Banco Sabadell also increased the shields last year, which had been reducing them since 2019. After the failed hostile takeover bid that BBVA launched in 2024, the Vallesan bank went from 33 to 40 shielded directors; in Banco Santander it went from 22 to 25 and in Logista, from 11 to 13.

Ten companies (one more than in 2023) reduced the number of shielded managers last year. Among them, BBVA, which went from 52 to 50. The bank points out that “it does not have commitments to pay compensation to executive directors”, although it does guarantee two years of remuneration for non-competition in the event of dismissal for the president, Carlos Torres (whose strategy has been called into question after the takeover failure, and who last Friday ruled out resigning due to this fiasco), and the CEO, Onur Genç.

Grifols (with 31, eight less than in 2023), Caixabank (30, three less), Iberdrola (21, two less), Unicaja (21, one less), Inditex (17, one less), Naturgy (13, one less), and Acerinox and Indra (in both cases, 8, one less) also reduced the number of shielded executives in 2024.

The CNMV excepts Arcelormittal (based in Luxembourg) and Ferrovial in its reports, after their move to the Netherlands. The novelty this year is Puig, recently landed on the Ibex, and which has protected its executive president, Marc Puig, with 2 annuities of fixed salary.

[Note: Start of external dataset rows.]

Unset Implicit Arguments. Set Strict Implicit. Set Printing Implicit Defensive.
Local Open Scope ring_scope.

Theorem theorem5 (R : realFieldType) (n r : nat) (hr1 : (1 <= r)%N) (hrn : (r <= n)%N)
  (F : {set {set 'I_n}}) (hF : forall A, A \in F -> #|A| = r) :
  \sum_(A in F) (mweight R n r F A)^-1 <= ('C(n.-1, r.-1))%:R.
Proof.
have n_gt0 : (0 < n)%N by lia.
set lhs := \sum_(A in F) _; set N0 := nperm_onto r (arc0 n r).
pose total := \sum_(p : {perm 'I_n}) \sum_(i < n) inv_mweight R r F (p @: arc n_gt0 r i).
have total_le : total <= r%:R *+ n`!.
  rewrite -card_Sn -sumr_const; apply: ler_sum => p _; exact: sum_parc_weights_le.
have total_eq : total = lhs *+ N0 *+ n.
  have outside_F (A : {set 'I_n}) : #|A| != r -> inv_mweight R r F A = 0.
    by rewrite /inv_mweight; case: ifP => // /hF ->; rewrite eqxx.
  rewrite /total exchange_big /= (eq_bigr _ (fun i _ => sum_perm_arc r n_gt0 _ i)).
  by rewrite sumr_const card_ord (sum_perm_arc0 hrn) // /lhs [in RHS]big_mkcond.
have count : (r * n`! = N0 * n * 'C(n.-1, r.-1))%N.
  by rewrite -(nperm_onto_mul_bin hrn) -/N0 mulnCA -mulnA mul_bin_diag prednK.
move: total_le; rewrite total_eq -mulrnA -[lhs *+ _]mulr_natr -[r%:R *+ _]mulr_natr.
rewrite -natrM count (natrM R (N0 * n)) [X in _ <= X]mulrC ler_pM2r // ltr0n muln_gt0 n_gt0 andbT.
exact: nperm_onto_arc0_gt0.
Qed.
Theorem lemma11 (S : seq word) (CC : seq (seq word)) (i j : nat) :
  uniq S ->
  substring_free S ->
  optimal_cycle_cover S CC ->
  i < size CC -> j < size CC -> i != j ->
  let e := omerge (seq.nth [::] CC i) in
  let f := omerge (seq.nth [::] CC j) in
  [/\ ~ equivalent e f,
      ~ equivalent e (revcomp f),
      ~ equivalent (revcomp e) f &
      ~ equivalent (revcomp e) (revcomp f)].
Proof.
move=> _ sf opt lt_i lt_j neq_ij e f.
have not_equiv bc bd :=
  @not_equivalent_orient_omerge S CC i j bc bd sf opt lt_i lt_j neq_ij.
by split; [exact: (not_equiv false false) | exact: (not_equiv false true)
          |exact: (not_equiv true false) | exact: (not_equiv true true)].
Qed.
(* Consider the two-player continuous time stochastic game with $S=\{1,2\}$, $A^1(1)=A^2(1)=\{1,2\}$, $A^1(2)=A^2(2)=\{1\}$, rewards $(r^1,r^2)$ and transition rates as follows: at state $1$, $(a^1,a^2)=(1,1)$ gives rewards $(4,9)$ and $\mu(2,1,1,1)=0$; $(1,2)$ gives $(6,3)$ and $\mu(2,1,1,2)=1$; $(2,1)$ gives $(5,4)$ and $\mu(2,1,2,1)=0$; $(2,2)$ gives $(4,5)$ and $\mu(2,1,2,2)=1$; at state $2$ the single action pair gives $(6,7)$ and $\mu(1,2,1,1)=1$. Then for every discount rate $\alpha>0$ the game has a unique stationary $\alpha$-discounted Nash equilibrium, namely $f^*_\alpha(1)=\left(\frac{4+\alpha}{12+7\alpha},\frac{8+6\alpha}{12+7\alpha}\right)$, $g^*_\alpha(1)=(\frac23,\frac13)$. Consequently this game (in which transition rates depend only on player 2's actions) has no stationary Blackwell-Nash equilibrium.
   Context: A two-player continuous time stochastic game consists of a finite state set $S$, finite nonempty action sets $A^1(s),A^2(s)$, reward rates $r^i(s,a^1,a^2)$ ($i=1,2$), and transition rates $\mu(s',s,a^1,a^2)\ge0$ from $s$ to $s'\ne s$, with $\mu(s,s,a^1,a^2)=-\sum_{s'\ne s}\mu(s',s,a^1,a^2)$. Stationary strategies $f,g$ assign to each state a probability distribution on $A^1(s)$, resp. $A^2(s)$. For a stationary pair, $r^i(s,f,g)=\sum_{a^1,a^2}f(s,a^1)g(s,a^2)r^i(s,a^1,a^2)$ and $Q(f,g)$ is the generator matrix with $Q(f,g)_{ss'}=\sum_{a^1,a^2}f(s,a^1)g(s,a^2)\mu(s',s,a^1,a^2)$. For $\alpha>0$ the $\alpha$-discounted payoff is $v^i_\alpha(s,f,g)=E^s_{f,g}\int_0^\infty e^{-\alpha t}r^i(s_t,f,g)\,dt$, i.e. $v^i_\alpha(f,g)=(\alpha I-Q(f,g))^{-1}r^i(f,g)$. A stationary pair $(f^*,g^* )$ is an $\alpha$-discounted Nash equilibrium if for all $s$, $v^1_\alpha(s,f^*,g^* )\ge v^1_\alpha(s,f,g^* )$ for all stationary $f$ and $v^2_\alpha(s,f^*,g^* )\ge v^2_\alpha(s,f^*,g)$ for all stationary $g$. It is a Blackwell-Nash equilibrium (BNE) if there is $\alpha_0>0$ such that it is an $\alpha$-discounted Nash equilibrium for all $\alpha\in(0,\alpha_0]$. *)

From HB Require Import structures.
From mathcomp Require Import all_boot all_order all_algebra.
Set Implicit Arguments. Unset Strict Implicit. Unset Printing Implicit Defensive.
Import Order.TTheory GRing.Theory Num.Theory.
Local Open Scope ring_scope.
Definition dt (g : R -> 'rV[R]_n -> R) (t : R) (x : 'rV[R]_n) : R :=
  'D_1 (fun s => g s x) t.
Definition dx (a : 'I_n) (g : R -> 'rV[R]_n -> R) (t : R) (x : 'rV[R]_n) : R :=
  'D_(ebasis a) (fun y => g t y) x.

Definition jcont (g : R -> 'rV[R]_n -> R) : Prop :=
  continuous (fun p : R * 'rV[R]_n => g p.1 p.2).

Definition C12 (u : R -> 'rV[R]_n -> R) : Prop :=
  (forall t x, derivable (fun s => u s x) t 1) /\
  (forall t x a, derivable (fun y => u t y) x (ebasis a)) /\
  (forall t x a b, derivable (fun y => dx b u t y) x (ebasis a)) /\
  jcont u /\ jcont (dt u) /\ (forall a, jcont (dx a u)) /\
  (forall a b, jcont (dx a (dx b u))).

Definition Pop (A : R -> 'rV[R]_n -> 'M[R]_n) (q : R -> 'rV[R]_n -> 'rV[R]_n)
  (w : R -> 'rV[R]_n -> R) (t : R) (x : 'rV[R]_n) : R :=
  dt w t x
  - \sum_(a < n) dx a (fun t' y => \sum_(b < n) A t' y a b * dx b w t' y) t x
  + \sum_(a < n) q t x 0 a * dx a w t x.

Definition Qop (A : 'I_N -> R -> 'rV[R]_n -> 'M[R]_n)
  (q : 'I_N -> R -> 'rV[R]_n -> 'rV[R]_n) (Lm : R -> 'rV[R]_n -> 'M[R]_N)
  (u : 'I_N -> R -> 'rV[R]_n -> R) (i : 'I_N) (t : R) (x : 'rV[R]_n) : R :=
  Pop (A i) (q i) (u i) t x - \sum_(j < N) Lm t x i j * u j t x.

(* lam is a principal eigenvalue lambda_{1,z}: there is a periodic C^{1,2}
   u_z with positive components with Q(e^{z.x} u_z) = lam e^{z.x} u_z *)
Definition is_lambda1z (T : R) (Lp : 'I_n -> R)
  (A : 'I_N -> R -> 'rV[R]_n -> 'M[R]_n)
  (q : 'I_N -> R -> 'rV[R]_n -> 'rV[R]_n) (Lm : R -> 'rV[R]_n -> 'M[R]_N)
  (z : 'rV[R]_n) (lam : R) : Prop :=
  exists u : 'I_N -> R -> 'rV[R]_n -> R,
    (forall i, periodic T Lp (u i)) /\ (forall i, C12 (u i)) /\
    (forall i t x, 0 < u i t x) /\
    forall i t x,
      Qop A q Lm (fun j t' y => expR (dotv z y) * u j t' y) i t x
      = lam * (expR (dotv z x) * u i t x).

Definition lmax (Lm : R -> 'rV[R]_n -> 'M[R]_N) : 'M[R]_N :=
  \matrix_(i, j) sup (range (fun p : R * 'rV[R]_n => Lm p.1 p.2 i j)).

Definition irreducible_mx (M : 'M[R]_N) : Prop :=
  forall S : {set 'I_N}, (0 < #|S| < N)%N ->
    ~ (forall v : 'cV[R]_N, (forall i, i \notin S -> v i 0 = 0) ->
         forall i, i \notin S -> (M *m v) i 0 = 0).

Definition standing_assumptions (T : R) (Lp : 'I_n -> R) (d : R)
  (A : 'I_N -> R -> 'rV[R]_n -> 'M[R]_n)
  (q : 'I_N -> R -> 'rV[R]_n -> 'rV[R]_n) (Lm : R -> 'rV[R]_n -> 'M[R]_N) : Prop :=
  [/\ (0 < n)%N, (0 < N)%N, 0 < T, (forall a, 0 < Lp a) & 0 < d < 1 ] /\
  (forall i, periodic T Lp (A i)) /\ (forall i, periodic T Lp (q i)) /\
  periodic T Lp Lm /\
  (forall i t x, (A i t x)^T = A i t x) /\
  (forall i j, holder_tx d (fun t x => Lm t x i j)) /\
  (forall i a, holder_tx d (fun t x => q i t x 0 a)) /\
  (forall i a b, holder_tx d (fun t x => A i t x a b)) /\
  (forall i a b c, forall t x, derivable (fun y => A i t y a b) x (ebasis c)) /\
  (forall i a b c, holder_x d (dx c (fun t x => A i t x a b))) /\
  (exists eps : R, 0 < eps /\ forall i t x (y : 'rV[R]_n), enorm y = 1 ->
       eps <= dotv y (y *m A i t x)) /\
  (forall i j t x, i != j -> 0 <= Lm t x i j) /\
  irreducible_mx (lmax Lm).

End Defs.

From HB Require Import structures.
From mathcomp Require Import all_boot all_order all_algebra.
From mathcomp Require Import all_classical all_reals all_analysis.
From mathcomp.algebra_tactics Require Import ring lra.
Import Order.TTheory GRing.Theory Num.Theory.
Import numFieldNormedType.Exports.
Local Open Scope classical_set_scope.
Local Open Scope ring_scope.

(* Along the ray -mu e, g mu := - lambda_{1,-mu e} is strictly convex, bounded
   below by - lambda_1 > 0 and grows quadratically, and c^mu_e = g mu / mu is
   the slope of the chord from the origin to the graph of g.  Being convex, g is
   continuous, and the slope blows up both at 0+ and at +oo, so it attains a
   positive minimum c*.  Two distinct minimisers would put g strictly below the
   line c* mu at their midpoint.  For c > c*, the line c mu lies above g at the
   minimiser but below it near 0 and near +oo, so it crosses the graph on
   each side of the minimiser. *)

Section ConvexReal.
Context {R : realType}.
Implicit Types (G : R -> R) (x y s t : R).

Definition convex_fun G := forall x y s, 0 < s < 1 ->
  G (s * x + (1 - s) * y) <= s * G x + (1 - s) * G y.

Definition strictly_convex_fun G := forall x y s, x != y -> 0 < s < 1 ->
  G (s * x + (1 - s) * y) < s * G x + (1 - s) * G y.

Lemma strictly_convex_funW {G} : strictly_convex_fun G -> convex_fun G.
Proof.
move=> cG x y s s01; have [->|xy] := eqVneq x y; last exact/ltW/cG.
by rewrite -mulrDl addrC subrK !mul1r -mulrDl addrC subrK mul1r.
Qed.

Lemma convex_chord {G} (cG : convex_fun G) x y t : x < t < y ->
  (y - x) * G t <= (y - t) * G x + (t - x) * G y.
Proof.
move=> /andP[xt ty].
have yx : 0 < y - x by lra.
pose s := (y - t) / (y - x).
have s01 : 0 < s < 1.
  by rewrite /s divr_gt0 ?ltr_pdivrMr ?subr_gt0 //=; lra.
have sE : 1 - s = (t - x) / (y - x) by rewrite /s; field; lra.
have tE : s * x + (1 - s) * y = t by rewrite sE /s; field; lra.
have := cG x y s s01; rewrite tE -(ler_pM2l yx) sE /s.
suff -> : (y - x) * ((y - t) / (y - x) * G x + (t - x) / (y - x) * G y)
        = (y - t) * G x + (t - x) * G y by [].
by field; rewrite gt_eqF.
Qed.

Lemma convex_funN {G} : convex_fun G -> convex_fun (fun x => G (- x)).
Proof.
by move=> cG x y s s01 /=; rewrite opprD -!mulrN cG.
Qed.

Last year, twelve firms with shielded directors maintained the number of people with these clauses: Endesa (15), Fluidra (10), Telefónica (9), Enagás (9), Mapfre (5), Rovi (3); Cellnex, Colonial and Merlin Properties (2 each), and Redeia and Sacyr (1 each).

The records of 2013 and 2014

The CNMV has been forcing companies to publish this information in their corporate governance reports since 2004. The maximum number of shielded executives was reached between 2013 and 2014, with 833 and 865, respectively.

The number of people with clauses of this type took a spectacular leap in 2013. That year, the obligation to publish the shields of all administrative, management and employee positions was expanded (in the previous model, this information was requested only for members of senior management). This distorted the comparison with 2012, when the then minister Luis de Guindos promised the European Commission an “extremely aggressive” labor reform to make dismissals cheaper in Spain.

At first, the CNMV published each year the aggregate figure of the number of companies with shield clauses and the total number of shielded directors. It did so until its 2012 report, when the regulator estimated that there were 237 shielded Ibex directors.

The following year, one of the annual reports of the CNMV (then chaired by the popular Elvira Rodríguez) eliminated the aggregate data and left blank the information on how many shields each Ibex firm had that year (can be seen in this link looking for “armor”). Today the CNMV cannot find an explanation: “Some dumping error must have occurred. Given the age, it does not seem feasible to know the reason for the incident.”